Package 'SFPL' reference manual

Title:	Sparse Fused Plackett-Luce
Description:	Implements the methodological developments found in Hermes, van Heerwaarden, and Behrouzi (2024) <doi:10.48550/arXiv.2308.04325>, and allows for the statistical modeling of multi-group rank data in combination with object variables. The package also allows for the simulation of synthetic multi-group rank data.
Authors:	Sjoerd Hermes [aut, cre]
Maintainer:	Sjoerd Hermes <[email protected]>
License:	GPL-3
Version:	1.0.0
Built:	2025-02-23 06:33:51 UTC
Source:	CRAN

Rank data simulation

Description

Simulates (partial) rank data for multiple groups together with object variables.

Usage

data_sim(m, M, n, p, K, delta, eta)
data_sim(m, M, n, p, K, delta, eta)

Arguments

`m`	Length of the partial ranking for each observation.
`M`	Total number of objects.
`n`	Number of observations (rankers) per group.
`p`	Number of object variables.
`K`	Number of groups.
`delta`	Approximate fraction of different coefficients across the $\beta^{(k)}$ .
`eta`	Approximate fraction of sparse coefficients in $\beta^{(k)}$ for all $k$ .

Value

`y`	A list consisting of $K$ matrices with each matrix containing (partial) rankings across $n$ observations for group $k$ .
`x`	A $M \times p$ matrix containing the values for the $p$ objects variables across the $M$ objects.
`beta`	A $p \times K$ matrix containing the true value of $\beta$ , which was used to generate $y$ .

Author(s)

Sjoerd Hermes
Maintainer: Sjoerd Hermes [email protected]

References

1. Hermes, S., van Heerwaarden, J., and Behrouzi, P. (2024).
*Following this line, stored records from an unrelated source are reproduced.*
Lemma expf_card_pred (x : F) : x != 0 -> x ^+ (m * 2) = 1.
Proof. by move=> x0; apply: (mulfI x0); rewrite -exprS -card_F_half expf_card mulr1. Qed.

Let squares := [set x : F | (x != 0) && issq x].
Let half_roots := [set x : F | x ^+ m == 1].

(* A nonzero square y^2 satisfies y^(2m) = y^(q-1) = 1. *)
Lemma squares_sub : squares \subset half_roots.
Proof.
apply/subsetP => x; rewrite !inE => /andP [x0 /existsP [y /eqP yy]].
rewrite -yy in x0 *.
have y0 : y != 0 by apply: contraNneq x0 => ->; rewrite mul0r.
by rewrite -expr2 -exprM mulnC expf_card_pred.
Qed.

Lemma card_half_roots : (#|half_roots| <= m)%N.
Proof.
have p0 : ('X^m - 1%:P : {poly F}) != 0.
  by rewrite -size_poly_eq0 size_XnsubC ?half_gt0.
rewrite cardE -ltnS -(size_XnsubC (1 : F) half_gt0).
apply: max_poly_roots p0 _ (enum_uniq _).
apply/allP => x; rewrite mem_enum inE rootE !hornerE => /eqP xm.
by rewrite xm subrr.
Qed.

(* Each nonzero z is a root of the product of the X^2 - s, s a nonzero square;
   that product has degree 2 #|squares|, so there are at least m squares. *)
Lemma card_squares : (m <= #|squares|)%N.
Proof.
pose P := \prod_(s in squares) ('X^2 - s%:P : {poly F}).
have P0 : P != 0.
  by apply/prodf_neq0 => s _; rewrite -size_poly_eq0 size_XnsubC.
have sizeP : size P = (#|squares| * 2).+1.
  rewrite size_prod => [|s _]; last by rewrite -size_poly_eq0 size_XnsubC.
  rewrite (eq_bigr (fun _ => 3%N)) => [|s _]; last by rewrite size_XnsubC.
  by rewrite sum_nat_const (eq_card (B := squares)) //; lia.
have nonzero : #|[set~ (0 : F)]| = (m * 2)%N.
  by rewrite cardsC1 card_F_half.
rewrite -(leq_pmul2r (isT : (0 < 2)%N)) -nonzero -ltnS -sizeP cardE.
apply: max_poly_roots P0 _ (enum_uniq _).
apply/allP => z; rewrite mem_enum !inE => z0.
rewrite rootE horner_prod; apply/prodf_eq0; exists (z * z).
  by rewrite inE mulf_neq0 //; apply/existsP; exists z.
by rewrite !hornerE expr2 subrr.
Qed.

Lemma issq_euler (x : F) : x != 0 -> issq x = (x ^+ m == 1).
Proof.
have eq_sets : squares = half_roots.
  apply/eqP; rewrite eqEcard squares_sub.
  exact: leq_trans card_half_roots card_squares.
by move=> x0; have := congr1 (fun A : {set F} => x \in A) eq_sets; rewrite !inE x0.
Qed.

(* Since at most m of the 2m nonzero elements are squares. *)
Lemma exists_nonsquare : exists2 g : F, g != 0 & ~~ issq g.
Proof.
have : ~~ ([set~ (0 : F)] \subset half_roots).
  apply: contraL card_half_roots => /subset_leq_card nz_le.
  rewrite -ltnNge; apply: leq_trans nz_le.
  by rewrite cardsC1 card_F_half; have := half_gt0; lia.
case/subsetPn => g; rewrite !inE => g0 gm; exists g => //.
by rewrite issq_euler.
Qed.

Definition chi (x : F) : int := if x == 0 then 0 else if issq x then 1 else -1.

Lemma chi0 : chi 0 = 0. Proof. by rewrite /chi eqxx. Qed.

Lemma chi1 : chi 1 = 1.
Proof. by rewrite /chi oner_eq0 (_ : issq 1) //; apply/existsP; exists 1; rewrite mulr1. Qed.

Lemma chi_euler (x : F) : x != 0 -> chi x = if x ^+ m == 1 then 1 else -1.
Proof. by move=> x0; rewrite /chi (negbTE x0) issq_euler. Qed.

(* x^m squares to 1, hence is 1 or -1. *)
Lemma expf_half_sign (x : F) : x != 0 -> x ^+ m = 1 \/ x ^+ m = -1.
Proof.
move=> x0; have : (x ^+ m) ^+ 2 == 1 by rewrite -exprM expf_card_pred.
by rewrite sqrf_eq1 => /orP [/eqP -> | /eqP ->]; [left | right].
Qed.

(* chi is multiplicative, as x |-> x^m is. *)
Lemma chiM (x y : F) : chi (x * y) = chi x * chi y.
Proof.
have [-> | x0] := eqVneq x 0; first by rewrite mul0r chi0 mul0r.
have [-> | y0] := eqVneq y 0; first by rewrite mulr0 chi0 mulr0.
rewrite !chi_euler ?mulf_neq0 // exprMn.
have N1 := oppr1_neq1; have N1' : (1 : F) != -1 by rewrite eq_sym.
by case: (expf_half_sign x0) => ->; case: (expf_half_sign y0) => ->;
  rewrite ?mulr1 ?mul1r ?mulN1r ?opprK ?eqxx ?(negbTE N1) ?(negbTE N1').
Qed.

Lemma chi_sqr (x : F) : x != 0 -> chi x * chi x = 1.
Proof. by move=> x0; rewrite chi_euler //; case: ifP. Qed.
Lemma unique_involution_central t : t \in G -> #[t] = 2 -> #|'Ldiv_2(G)| <= 2 ->
  {in G, forall g, commute t g}.
Proof.
move=> Gt ot le2 g Gg.
have t1 : t != 1 by apply/eqP => t_eq1; move: ot; rewrite t_eq1 order1.
have L2 : 'Ldiv_2(G) = [set 1; t].
  apply/eqP; rewrite eq_sym eqEcard cards2 eq_sym t1 le2 andbT subUset !sub1set.
  by rewrite !inE group1 Gt expg1n -order_dvdn ot eqxx.
apply/commgP/conjg_fixP.
have : t ^ g \in 'Ldiv_2(G) by rewrite !inE groupJ //= -conjXg conjg_eq1 -order_dvdn ot.
by rewrite L2 !inE conjg_eq1 (negbTE t1) => /eqP.
Qed.

Lemma Ldiv_gt_witness x y : x \in G -> y \in G -> #[x] = #[y] -> <[x]> != <[y]> ->
  exists2 e, e %| #|G| & (odd #|G| || ~~ odd e) && (e < #|'Ldiv_e(G)|).
Proof.
move=> Gx Gy oxy neq_xy.
have [adm | ] := boolP (odd #|G| || ~~ odd #[x]).
  by exists #[x]; rewrite ?order_dvdG ?adm ?(order_lt_card_Ldiv Gx Gy).
rewrite negb_or negbK => /andP[even_G odd_x].
have [lt2 | le2] := ltnP 2 #|'Ldiv_2(G)|; first by exists 2; rewrite ?dvdn2 ?orbT.
(* Otherwise the involution [t] is unique, hence central, and multiplying by
   it makes the orders of [x] and [y] even while keeping their cycles apart. *)
have [t Gt ot] : {t | t \in G & #[t] = 2} by apply: Cauchy; rewrite ?dvdn2.
have ct := unique_involution_central Gt ot le2.
have cop_x : coprime #[x] #[t] by rewrite ot coprimen2.
have cop_y : coprime #[y] #[t] by rewrite ot coprimen2 -oxy.
have oxt : #[x * t] = (#[x] * 2)%N by rewrite (orderM (esym (ct x Gx)) cop_x) ot.
have oyt : #[y * t] = (#[y] * 2)%N by rewrite (orderM (esym (ct y Gy)) cop_y) ot.
exists #[x * t]; first by rewrite order_dvdG ?groupM.
rewrite oxt oddM andbF orbT -oxt /= (order_lt_card_Ldiv _ (groupM Gy Gt)) ?groupM //.
  by rewrite oxt oyt oxy.
apply: contra neq_xy => /eqP Ext.
have sx : <[x]>%G \subset <[y * t]>%G by rewrite /= -Ext (cycleM (esym (ct x Gx))) // mulG_subl.
have sy : <[y]>%G \subset <[y * t]>%G by rewrite /= (cycleM (esym (ct y Gy))) // mulG_subl.
by rewrite (eq_subG_cyclic (cycle_cyclic _) sx sy) -/#[x] -/#[y] oxy.
Qed.

End NonCyclic.

Section Counting.
Variables (gT : finGroupType) (G : {group gT}).

Lemma ncyclic_subgroups_excess : exists h : nat -> rat,
  [/\ forall e, (0 <= h e)%R,
      forall e, e %| #|G| -> odd #|G| || ~~ odd e -> (0 < h e)%R &
      ((ncyclic_subgroups G)%:R - (ndivisors #|G|)%:R =
         \sum_(e <- divisors #|G|) h e * (#|('Ldiv_e(G))%g|%:R - e%:R))%R].
Proof.
have [h [h_sum h_ge0 h_gt0]] := exists_inv_totient_weights rat (cardG_gt0 G).
exists h; split=> //.
rewrite ncyclic_subgroups_sum_inv_totient (sum_inv_totient_order_Ldiv h_sum).
rewrite -(sum_inv_totient_weights_mul (cardG_gt0 G) h_sum) -sumrB.
by apply: eq_bigr => e _; rewrite mulrBr.
Qed.

Lemma ndivisors_le_ncyclic_subgroups : ndivisors #|G| <= ncyclic_subgroups G.
Proof.
have [h [h_ge0 _ excess]] := ncyclic_subgroups_excess.
rewrite -(ler_nat rat) -subr_ge0 excess big_seq sumr_ge0 // => e.
by rewrite -dvdn_divisors // => dv_eG; rewrite mulr_ge0 // subr_ge0 ler_nat card_Ldiv_ge.
Qed.

Lemma ndivisors_lt_ncyclic_subgroups e : e %| #|G| -> odd #|G| || ~~ odd e ->
  e < #|('Ldiv_e(G))%g| -> ndivisors #|G| < ncyclic_subgroups G.
Proof.
move=> dv_eG adm lt_e.
have [h [h_ge0 h_gt0 excess]] := ncyclic_subgroups_excess.
rewrite -(ltr_nat rat) -subr_gt0 excess (bigD1_seq e) -?dvdn_divisors ?divisors_uniq //=.
rewrite ltr_pwDl ?mulr_gt0 ?h_gt0 ?subr_gt0 ?ltr_nat // big_seq_cond sumr_ge0 // => d.
case/andP; rewrite -dvdn_divisors // => dv_dG _.
by rewrite mulr_ge0 // subr_ge0 ler_nat card_Ldiv_ge.
Qed.

Lemma ncyclic_subgroups_cyclic : cyclic G -> ncyclic_subgroups G = ndivisors #|G|.
Proof.
move=> cycG; have [h [_ _ excess]] := ncyclic_subgroups_excess.
apply/eqP; rewrite -(eqr_nat rat) -subr_eq0 excess big_seq big1 // => e.
by rewrite -dvdn_divisors // => dv_eG; rewrite card_Ldiv_cyclic // subrr mulr0.
Qed.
Joint Learning from Heterogeneous Rank Data. arXiv preprint, arXiv:2407.10846

Examples

data_sim(3, 10, 50, 5, 2, 0.25, 0.25)
data_sim(3, 10, 50, 5, 2, 0.25, 0.25)

This is a real dataset containing information on 5 object variables describing the properties of 13 different sweet potato varieties. In addition, the dataset contains partial rankings made by men and women from Ghana.

Usage

data("ghana")data("ghana")

Format

A list with three dataframes. The first consists of the rankings made by men, the second consists of the rankings made by women and the third contain the object variables.

Details

Contains a subset of the data used in the Hermes et al. (2024) paper.

Source

Data from the Hermes et al. (2024) paper is based on Moyo et al. (2021).

References

1. Hermes, S., van Heerwaarden, J., and Behrouzi, P. (2024). Joint Learning from Heterogeneous Rank Data. arXiv preprint, arXiv:2407.10846
2. Moyo, M., R. Ssali, S. Namanda, M. Nakitto, E. K. Dery, D. Akansake, J. Adjebeng-Danquah, J. van Etten, K. de Sousa, H. Lindqvist-Kreuze, et al. (2021). Consumer preference testing of boiled sweetpotato using crowdsourced citizen science in Ghana and Uganda. Frontiers in Sustainable Food Systems 5, 620363.

Examples

data(ghana)
data(ghana)

Sparse Fused Plackett-Luce

Description

Contains the main function of this package that is used to estimate the parameter of interest $\beta$ . The inner workings of the function are described in Hermes et al., (2024).

Usage

sfpl(x, y, ls_vec, lf_vec, epsilon, verbose)
sfpl(x, y, ls_vec, lf_vec, epsilon, verbose)

Arguments

`x`	A $M \times p$ matrix containing the values for the $p$ objects variables across the $M$ objects.
`y`	A list consisting of $K$ matrices with each matrix containing (partial) rankings across $n$ observations for group $k$ .
`ls_vec`	Vector containing shrinkage parameters.
`lf_vec`	Vector containing fusion penalty parameters.
`epsilon`	Small positive value used to ensure that the penalty function is differentiable. Typically set at $10^{-5}$ .
`verbose`	Boolean that returns the process of the parameter estimation.

Value

beta_est

A list of length ls_vec $\times$ lf_vec that contains the parameter estimates $\hat{beta}$ for each combination of ls_vec and lf_vec.

Author(s)

Sjoerd Hermes
Maintainer: Sjoerd Hermes [email protected]

References

1. Hermes, S., van Heerwaarden, J., and Behrouzi, P. (2024). Joint Learning from Heterogeneous Rank Data. arXiv preprint, arXiv:2407.10846

Examples



# we first obtain the rankings and object variables
data(ghana)
y <- list(ghana[[1]], ghana[[2]])
x <- ghana[[3]]

# our next step consists of creating two vectors for the penalty parameters
ls_vec <- lf_vec <- c(0, 0.25)

# we choose epsilon to be small: 10^(-5), as we did in Hermes et al., (2024)
# now we can fit our model
epsilon <- 10^(-5)
verbose <- FALSE

result <- sfpl(x, y, ls_vec, lf_vec, epsilon, verbose)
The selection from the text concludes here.